"Die Gelegenheit nutzen"
Wenn man als Absolvent noch nicht so viel Berufserfahrung aufzuweisen hat, kann man da wohl kaum in Bedrängnis kommen. Gemäß dem Lebenslauf und den Zeugnissen sollte man seine beruflichen Stationen und erworbene Fähigkeiten und Kenntnisse ins rechte Licht rücken. Prinzipiell sollte man bei seinen Ausführungen jedoch die für diese Stelle besonders relevanten Qualifikationen entsprechend ausführen, weniger relevante berufliche Ereignisse nur anreißen, nicht ins "Geschwalle und Geschwärme" über besonders tolle Erfahrungen verfallen, sondern sachlich darstellen. Vor allem nicht dabei auf die Uhr sehen („wann sind die 10 Minuten endlich um?"), sondern diese Gelegenheit dafür nutzen, sich selbst und seine Qualifikationen zu empfehlen.
[Anja Rösler]
"Vorbereitung essentiell"
Ich selbst frage so - vor allem dann, wenn mir im Lebenslauf Lücken, Wechsel o. ä. aufgefallen sind und wenn ich gleichzeitig etwas über die Ausdrucksfähigkeit einer Person herausfinden will.

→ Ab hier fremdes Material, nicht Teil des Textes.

(* In the language $\mathcal{R}\Pi$ described in the context, if $\vdash r : b_1\;R\;b_2$ and $\vdash s : S\,b_1$, then the set obtained by evaluating $r\,\overline{@}\,s$ has type $S\,b_2$, i.e. $\vdash r\,\overline{@}\,s : S\,b_2$.
   Context: Base language $\Pi$: types $b ::= 0\mid 1\mid b+b\mid b\times b\mid \mathit{bool}$ with values $(),\ \mathit{left}\,v,\ \mathit{right}\,v,\ (v,v),\ \mathtt{T},\mathtt{F}$ typed in the usual way ($()$:1, injections into sums, pairs into products, $\mathtt{T},\mathtt{F}:\mathit{bool}$), and reversible combinators $c : b_1\leftrightarrow b_2$ (built from primitive type isomorphisms for unit, commutativity and associativity of $+$ and $\times$, distributivity, $0\times b\leftrightarrow 0$, and $\mathit{bool}\leftrightarrow 1+1$, closed under sequential composition and $\oplus,\otimes$), each acting as a bijection on values: $c\,v\mapsto c(v)$ with $c(v):b_2$ whenever $v:b_1$; in particular $\mathit{uniti}_\times : b\leftrightarrow 1\times b$ maps $v\mapsto((),v)$, $\mathit{swap}_\times$ maps $(v_1,v_2)\mapsto(v_2,v_1)$, etc. $\mathcal{R}\Pi$ extends types with $S\,b$ (sets of values of type $b$) and $b_1\,R\,b_2$ (relations), and values with set terms $s ::= \emptyset \mid \{v\}\mid s\uplus s$ ($\uplus$ is exclusive union: elements occurring in both operands cancel), typed: $\emptyset : S\,b$; $\{v\}:S\,b$ if $v:b$; $s_1\uplus s_2 : S\,b$ if $s_1,s_2:S\,b$. Relations $r ::= \mathit{arr}\,c \mid r\ggg r\mid \mathit{second}\,r\mid \mathit{strength}\mid \mathit{state}\,s\mid \eta_b\mid\varepsilon$ typed: $\mathit{arr}\,c : b_1\,R\,b_2$ if $c : b_1\leftrightarrow b_2$; $r_1\ggg r_2 : b_1\,R\,b_3$ if $r_1:b_1\,R\,b_2$, $r_2 : b_2\,R\,b_3$; $\mathit{second}\,r : (b\times b_1)\,R\,(b\times b_2)$ if $r:b_1\,R\,b_2$; $\mathit{state}\,s : 1\,R\,b$ if $s : S\,b$; $\mathit{strength} : (b_1\times S\,b_2)\,R\,(b_1\times b_2)$; $\eta_b : 1\,R\,(b\times b)$; $\varepsilon : (b\times b)\,R\,1$. Evaluation: $r\,\overline{@}\,\emptyset\mapsto\emptyset$; $r\,\overline{@}\,\{v\}\mapsto r\,@\,v$; $r\,\overline{@}\,(s_1\uplus s_2)\mapsto (r\,\overline{@}\,s_1)\uplus(r\,\overline{@}\,s_2)$; and $(\mathit{arr}\,c)\,@\,v\mapsto\{c(v)\}$; $(r_1\ggg r_2)\,@\,v\mapsto r_2\,\overline{@}\,(r_1\,@\,v)$; $(\mathit{second}\,r)\,@\,(v_1,v_2)\mapsto \mathit{strength}\,@\,(v_1, r\,@\,v_2)$; $\mathit{strength}\,@\,(v,\emptyset)\mapsto\emptyset$; $\mathit{strength}\,@\,(v_1,\{v_2\})\mapsto\{(v_1,v_2)\}$; $\mathit{strength}\,@\,(v,s_1\uplus s_2)\mapsto \mathit{strength}\,@\,(v,s_1)\uplus\mathit{strength}\,@\,(v,s_2)$; $(\mathit{state}\,s)\,@\,()\mapsto s$; $\eta_b\,@\,()\mapsto \biguplus_i\{(v_i,v_i)\}$ where $v_i$ ranges over all (finitely many) values of type $b$; $\varepsilon\,@\,(v,v)\mapsto\{()\}$; $\varepsilon\,@\,(v,v')\mapsto\emptyset$ if $v\neq v'$. *)

From Stdlib Require Import List.
Import ListNotations.

(* Types: base Pi types extended with S b (sets of values of type b). *)
Inductive ty : Type :=
| T0 : ty
| T1 : ty
| TPlus : ty -> ty -> ty
| TTimes : ty -> ty -> ty
| TBool : ty
| TS : ty -> ty.

Fixpoint is_base (b : ty) : Prop :=
  match b with
  | T0 | T1 | TBool => True
  | TPlus b1 b2 | TTimes b1 b2 => is_base b1 /\ is_base b2
  | TS _ => False
  end.

(* Values; set terms are values too (empty, singleton, exclusive union). *)
Inductive val : Type :=
| VUnit : val
| VLeft : val -> val
| VRight : val -> val
| VPair : val -> val -> val
| VTrue : val
| VFalse : val
| VEmpty : val
| VSingle : val -> val
| VUnion : val -> val -> val.

Inductive vtyped : val -> ty -> Prop :=
| vt_unit : vtyped VUnit T1
| vt_left : forall v b1 b2, vtyped v b1 -> vtyped (VLeft v) (TPlus b1 b2)
| vt_right : forall v b1 b2, vtyped v b2 -> vtyped (VRight v) (TPlus b1 b2)
| vt_pair : forall v1 v2 b1 b2, vtyped v1 b1 -> vtyped v2 b2 ->
    vtyped (VPair v1 v2) (TTimes b1 b2)
| vt_true : vtyped VTrue TBool
| vt_false : vtyped VFalse TBool
| vt_empty : forall b, vtyped VEmpty (TS b)
| vt_single : forall v b, vtyped v b -> vtyped (VSingle v) (TS b)
| vt_union : forall s1 s2 b, vtyped s1 (TS b) -> vtyped s2 (TS b) ->
    vtyped (VUnion s1 s2) (TS b).

Inductive comb : Type :=
| CId : comb
| CUnitePlus : comb
| CUnitiPlus : comb
| CSwapPlus : comb
| CAssoclPlus : comb
| CAssocrPlus : comb
| CUniteTimes : comb
| CUnitiTimes : comb
| CSwapTimes : comb
| CAssoclTimes : comb
| CAssocrTimes : comb
| CAbsorb : comb
| CFactorZ : comb
| CDist : comb
| CFactor : comb
| CBoolTo : comb
| CBoolFrom : comb
| CSeq : comb -> comb -> comb
| CPlus : comb -> comb -> comb
| CTimes : comb -> comb -> comb.

Inductive ctyped : comb -> ty -> ty -> Prop :=
| ct_id : forall b, ctyped CId b b
| ct_unitePlus : forall b, ctyped CUnitePlus (TPlus T0 b) b
| ct_unitiPlus : forall b, ctyped CUnitiPlus b (TPlus T0 b)
| ct_swapPlus : forall b1 b2, ctyped CSwapPlus (TPlus b1 b2) (TPlus b2 b1)
| ct_assoclPlus : forall b1 b2 b3,
    ctyped CAssoclPlus (TPlus b1 (TPlus b2 b3)) (TPlus (TPlus b1 b2) b3)
| ct_assocrPlus : forall b1 b2 b3,
    ctyped CAssocrPlus (TPlus (TPlus b1 b2) b3) (TPlus b1 (TPlus b2 b3))
| ct_uniteTimes : forall b, ctyped CUniteTimes (TTimes T1 b) b
| ct_unitiTimes : forall b, ctyped CUnitiTimes b (TTimes T1 b)
| ct_swapTimes : forall b1 b2, ctyped CSwapTimes (TTimes b1 b2) (TTimes b2 b1)
| ct_assoclTimes : forall b1 b2 b3,
    ctyped CAssoclTimes (TTimes b1 (TTimes b2 b3)) (TTimes (TTimes b1 b2) b3)
| ct_assocrTimes : forall b1 b2 b3,
    ctyped CAssocrTimes (TTimes (TTimes b1 b2) b3) (TTimes b1 (TTimes b2 b3))
| ct_absorb : forall b, ctyped CAbsorb (TTimes T0 b) T0
| ct_factorZ : forall b, ctyped CFactorZ T0 (TTimes T0 b)
| ct_dist : forall b1 b2 b3,
    ctyped CDist (TTimes (TPlus b1 b2) b3) (TPlus (TTimes b1 b3) (TTimes b2 b3))
| ct_factor : forall b1 b2 b3,
    ctyped CFactor (TPlus (TTimes b1 b3) (TTimes b2 b3)) (TTimes (TPlus b1 b2) b3)
| ct_boolTo : ctyped CBoolTo TBool (TPlus T1 T1)
| ct_boolFrom : ctyped CBoolFrom (TPlus T1 T1) TBool
| ct_seq : forall c1 c2 b1 b2 b3, ctyped c1 b1 b2 -> ctyped c2 b2 b3 ->
    ctyped (CSeq c1 c2) b1 b3
| ct_plus : forall c1 c2 b1 b2 b3 b4, ctyped c1 b1 b2 -> ctyped c2 b3 b4 ->
    ctyped (CPlus c1 c2) (TPlus b1 b3) (TPlus b2 b4)
| ct_times : forall c1 c2 b1 b2 b3 b4, ctyped c1 b1 b2 -> ctyped c2 b3 b4 ->
    ctyped (CTimes c1 c2) (TTimes b1 b3) (TTimes b2 b4).

Inductive capply : comb -> val -> val -> Prop :=
| ca_id : forall v, capply CId v v
| ca_unitePlus : forall v, capply CUnitePlus (VRight v) v
| ca_unitiPlus : forall v, capply CUnitiPlus v (VRight v)
| ca_swapPlus_l : forall v, capply CSwapPlus (VLeft v) (VRight v)
| ca_swapPlus_r : forall v, capply CSwapPlus (VRight v) (VLeft v)
| ca_assoclPlus_1 : forall v, capply CAssoclPlus (VLeft v) (VLeft (VLeft v))
| ca_assoclPlus_2 : forall v,
    capply CAssoclPlus (VRight (VLeft v)) (VLeft (VRight v))
| ca_assoclPlus_3 : forall v,
    capply CAssoclPlus (VRight (VRight v)) (VRight v)
| ca_assocrPlus_1 : forall v, capply CAssocrPlus (VLeft (VLeft v)) (VLeft v)
| ca_assocrPlus_2 : forall v,
    capply CAssocrPlus (VLeft (VRight v)) (VRight (VLeft v))
| ca_assocrPlus_3 : forall v,
    capply CAssocrPlus (VRight v) (VRight (VRight v))
| ca_uniteTimes : forall v, capply CUniteTimes (VPair VUnit v) v
| ca_unitiTimes : forall v, capply CUnitiTimes v (VPair VUnit v)
| ca_swapTimes : forall v1 v2, capply CSwapTimes (VPair v1 v2) (VPair v2 v1)
| ca_assoclTimes : forall v1 v2 v3,
    capply CAssoclTimes (VPair v1 (VPair v2 v3)) (VPair (VPair v1 v2) v3)
| ca_assocrTimes : forall v1 v2 v3,
    capply CAssocrTimes (VPair (VPair v1 v2) v3) (VPair v1 (VPair v2 v3))
(* absorb / factorZ have no values to act on (0 is empty). *)
| ca_dist_l : forall v1 v3,
    capply CDist (VPair (VLeft v1) v3) (VLeft (VPair v1 v3))
| ca_dist_r : forall v2 v3,
    capply CDist (VPair (VRight v2) v3) (VRight (VPair v2 v3))
| ca_factor_l : forall v1 v3,
    capply CFactor (VLeft (VPair v1 v3)) (VPair (VLeft v1) v3)
| ca_factor_r : forall v2 v3,
    capply CFactor (VRight (VPair v2 v3)) (VPair (VRight v2) v3)
| ca_boolTo_T : capply CBoolTo VTrue (VLeft VUnit)
| ca_boolTo_F : capply CBoolTo VFalse (VRight VUnit)
| ca_boolFrom_T : capply CBoolFrom (VLeft VUnit) VTrue
| ca_boolFrom_F : capply CBoolFrom (VRight VUnit) VFalse
| ca_seq : forall c1 c2 v v' v'', capply c1 v v' -> capply c2 v' v'' ->
    capply (CSeq c1 c2) v v''
| ca_plus_l : forall c1 c2 v v', capply c1 v v' ->
    capply (CPlus c1 c2) (VLeft v) (VLeft v')
| ca_plus_r : forall c1 c2 v v', capply c2 v v' ->
    capply (CPlus c1 c2) (VRight v) (VRight v')
| ca_times : forall c1 c2 v1 v2 v1' v2', capply c1 v1 v1' -> capply c2 v2 v2' ->
    capply (CTimes c1 c2) (VPair v1 v2) (VPair v1' v2').

Inductive rel : Type :=
| RArr : comb -> rel
| RSeq : rel -> rel -> rel
| RSecond : rel -> rel
| RStrength : rel
| RState : val -> rel
| REta : ty -> rel
| REps : rel.

Inductive rtyped : rel -> ty -> ty -> Prop :=
| rt_arr : forall c b1 b2, ctyped c b1 b2 -> rtyped (RArr c) b1 b2
| rt_seq : forall r1 r2 b1 b2 b3, rtyped r1 b1 b2 -> rtyped r2 b2 b3 ->
    rtyped (RSeq r1 r2) b1 b3
| rt_second : forall r b b1 b2, rtyped r b1 b2 ->
    rtyped (RSecond r) (TTimes b b1) (TTimes b b2)
| rt_strength : forall b1 b2,
    rtyped RStrength (TTimes b1 (TS b2)) (TTimes b1 b2)
| rt_state : forall s b, vtyped s (TS b) -> rtyped (RState s) T1 b
| rt_eta : forall b, is_base b -> rtyped (REta b) T1 (TTimes b b)
| rt_eps : forall b, rtyped REps (TTimes b b) T1.

Fixpoint enum_ty (b : ty) : list val :=
  match b with
  | T0 => []
  | T1 => [VUnit]
  | TPlus b1 b2 => map VLeft (enum_ty b1) ++ map VRight (enum_ty b2)
  | TTimes b1 b2 =>
      flat_map (fun v1 => map (fun v2 => VPair v1 v2) (enum_ty b2)) (enum_ty b1)
  | TBool => [VTrue; VFalse]
  | TS _ => []
  end.

Definition biguplus (l : list val) : val := fold_right VUnion VEmpty l.

(* eval r v s : r @ v ↦ s ;  evalbar r s s' : r @bar s ↦ s'. *)
Inductive eval : rel -> val -> val -> Prop :=
| ev_arr : forall c v v', capply c v v' -> eval (RArr c) v (VSingle v')
| ev_seq : forall r1 r2 v s s', eval r1 v s -> evalbar r2 s s' ->
    eval (RSeq r1 r2) v s'
| ev_second : forall r v1 v2 s s', eval r v2 s ->
    eval RStrength (VPair v1 s) s' -> eval (RSecond r) (VPair v1 v2) s'
| ev_strength_empty : forall v, eval RStrength (VPair v VEmpty) VEmpty
| ev_strength_single : forall v1 v2,
    eval RStrength (VPair v1 (VSingle v2)) (VSingle (VPair v1 v2))
| ev_strength_union : forall v s1 s2 s1' s2',
    eval RStrength (VPair v s1) s1' -> eval RStrength (VPair v s2) s2' ->
    eval RStrength (VPair v (VUnion s1 s2)) (VUnion s1' s2')
| ev_state : forall s, eval (RState s) VUnit s
| ev_eta : forall b,
    eval (REta b) VUnit (biguplus (map (fun v => VSingle (VPair v v)) (enum_ty b)))
| ev_eps_eq : forall v, eval REps (VPair v v) (VSingle VUnit)
| ev_eps_neq : forall v v', v <> v' -> eval REps (VPair v v') VEmpty
with evalbar : rel -> val -> val -> Prop :=
| evb_empty : forall r, evalbar r VEmpty VEmpty
| evb_single : forall r v s, eval r v s -> evalbar r (VSingle v) s
| evb_union : forall r s1 s2 s1' s2', evalbar r s1 s1' -> evalbar r s2 s2' ->
    evalbar r (VUnion s1 s2) (VUnion s1' s2').

(* The only cases that do more than
   propagate types are [arr c], where preservation of typing by the combinator
   action is needed, and [eta_b], whose result enumerates the diagonal of [b]. *)
From Stdlib Require Import List.

Lemma capply_preserves_type : forall c v v', capply c v v' ->
  forall b1 b2, ctyped c b1 b2 -> vtyped v b1 -> vtyped v' b2.
Proof.
  induction 1; intros b1 b2 Hc Hv; inversion Hc; subst;
  repeat match goal with
  | H : vtyped (VLeft _) _ |- _ => inversion H; subst; clear H
  | H : vtyped (VRight _) _ |- _ => inversion H; subst; clear H
  | H : vtyped (VPair _ _) _ |- _ => inversion H; subst; clear H
  end;
  eauto 10 using vtyped.
Qed.

Lemma enum_ty_typed : forall b, is_base b -> forall v, In v (enum_ty b) -> vtyped v b.
Proof.
  induction b as [| | b1 IH1 b2 IH2 | b1 IH1 b2 IH2 | |]; simpl;
    intros Hb v Hin; try contradiction.
  - destruct Hin as [<- | []]; constructor.
  - destruct Hb as [Hb1 Hb2].
    apply in_app_or in Hin as [Hin | Hin]; apply in_map_iff in Hin as [x [<- Hx]];
      constructor; auto.
  - destruct Hb as [Hb1 Hb2].
    apply in_flat_map in Hin as [x [Hx Hin]]; apply in_map_iff in Hin as [y [<- Hy]].
    constructor; auto.
  - destruct Hin as [<- | [<- | []]]; constructor.
Qed.

Lemma biguplus_typed : forall b l,
  (forall s, In s l -> vtyped s (TS b)) -> vtyped (biguplus l) (TS b).
Proof.
  intros b l; induction l as [| s l IH]; simpl; intros Hl; constructor; auto.
Qed.

Lemma eta_result_typed : forall b, is_base b ->
  vtyped (biguplus (map (fun v => VSingle (VPair v v)) (enum_ty b))) (TS (TTimes b b)).
Proof.
  intros b Hb; apply biguplus_typed; intros s Hs.
  apply in_map_iff in Hs as [v [<- Hv]].
  apply enum_ty_typed in Hv; auto using vtyped.
Qed.

Scheme eval_mut := Induction for eval Sort Prop
with evalbar_mut := Induction for evalbar Sort Prop.

Definition eval_preserves (r : rel) (v s : val) : Prop :=
  forall b1 b2, rtyped r b1 b2 -> vtyped v b1 -> vtyped s (TS b2).

Definition evalbar_preserves (r : rel) (s s' : val) : Prop :=
  forall b1 b2, rtyped r b1 b2 -> vtyped s (TS b1) -> vtyped s' (TS b2).

Lemma evalbar_preserves_type : forall r s s', evalbar r s s' -> evalbar_preserves r s s'.
Proof.
  apply (evalbar_mut (fun r v s _ => eval_preserves r v s)
                     (fun r s s' _ => evalbar_preserves r s s'));
    unfold eval_preserves, evalbar_preserves.
  - intros c v v' Hc b1 b2 Hr Hv; inversion Hr; subst.
    constructor; eapply capply_preserves_type; eauto.
  - intros r1 r2 v s s' _ IH1 _ IH2 b1 b3 Hr Hv; inversion Hr; subst; eauto.
  - intros r v1 v2 s s' _ IHr _ IHst b1 b2 Hr Hv; inversion Hr; subst.
    inversion Hv; subst; eauto using rtyped, vtyped.
  - intros v b1 b2 _ _; constructor.
  - intros v1 v2 b1 b2 Hr Hv; inversion Hr; subst.
    inversion Hv as [| | | ? ? ? ? Hv1 Hs | | | | |]; subst.
    inversion Hs; subst; auto using vtyped.
  - intros v s1 s2 s1' s2' _ IH1 _ IH2 b1 b2 Hr Hv; inversion Hr; subst.
    inversion Hv as [| | | ? ? ? ? Hv1 Hs | | | | |]; subst.
    inversion Hs; subst.
    constructor; [eapply IH1 | eapply IH2]; eauto using vtyped.
  - intros s b1 b2 Hr _; inversion Hr; subst; assumption.
  - intros b b1 b2 Hr _; inversion Hr; subst; auto using eta_result_typed.
  - intros v b1 b2 Hr _; inversion Hr; subst; auto using vtyped.
  - intros v v' _ b1 b2 _ _; constructor.
  - intros r b1 b2 _ _; constructor.
  - intros r v s _ IH b1 b2 Hr Hs; inversion Hs; subst; eauto.
  - intros r s1 s2 s1' s2' _ IH1 _ IH2 b1 b2 Hr Hs; inversion Hs; subst;
      eauto using vtyped.
Qed.

Theorem proposition2 : forall (r : rel) (b1 b2 : ty) (s s' : val),
  rtyped r b1 b2 -> vtyped s (TS b1) -> evalbar r s s' -> vtyped s' (TS b2).
Proof.
  intros r b1 b2 s s' Hr Hs He.
  exact (evalbar_preserves_type r s s' He b1 b2 Hr Hs).
Qed.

Kann er/sie sich gut darstellen?
Hat er/sie sich wirklich Gedanken gemacht, wie er/sie mir im Vorstellungsgepräch gegenübertritt?
Hat sich der Bewerber/die Bewerberin auf den Termin vorbereitet?
Ist ihm/ihr die Stelle wichtig, was tut er/sie dafür, um sie zu bekommen? (Ich halte eine gute Vorbereitung auf ein Vorstellungsgespräch für eine Investition in die eigene berufliche Zukunft.)
Oder verliert er/sie sich in Phrasen, Gemeinplätzen, fängt an zu plaudern? (Für mich bedeutet das häufig, dass sich ein/e Kandidat/in über die Bedeutung des persönlichen Kennenlernens keine Gedanken gemacht hat.
Werden Zeitvorgaben eingehalten? (nicht auf die Sekunde genau, das verlangt ja keiner. Nur ein kleiner Tipp: So etwas kann man auch lernen - und man muss es üben).
Ich weiß, dass diese Frage häufig auf Missfallen trifft. Man ist eh nervös, und muss unter diesem Druck (der durch die Zeitvorgabe und dadurch, dass man ja weiß, dass man von seinem Gegenüber genau beobachtet wird, noch verstärkt wird), auch noch derartige Fragen beantworten. Nicht einfach das Ganze.
Viele haben auch das Problem, dass sie sich, ihr Können und ihre Leistung, im besten Licht darstellen sollen/wollen, sich anpreisen müssen. Im Endeffekt gleicht ein Vorstellungsgespräch einem Verkaufsgespräch. Damit haben viele Schwierigkeiten. Vor allem Frauen fällt es schwer, ihre Leistungen hervorzuheben, auf eigene Erfolge hinzuweisen. Um zumindest den Werdegang richtig darzustellen, empfehle ich, sich den Lebenslauf sehr gut einzuprägen. Man bringt sonst zu leicht auch Zeiten oder Jobs durcheinander.
So etwas macht selbstverständlich keinen guten Eindruck.
Auch sollte man sich vor dem Gesprächstermin genau überlegen, wie man Lücken im Lebenslauf, Zeiten der Arbeitslosigkeit, häufige Wechsel etc. begründen kann, damit sie im Endeffekt eher positiv erscheinen (soweit das im Rahmen der Glaubwürdigkeit möglich ist).
[Gabi Zimmermann]
"Präsentation braucht Übung"
Kein Problem mit dieser Frage? Haben Sie aber doch. Sie denken nämlich, dass Sie schon wissen, was Sie auf Anfrage schildern. Und dass es reicht zu wissen. Das tut es aber nicht.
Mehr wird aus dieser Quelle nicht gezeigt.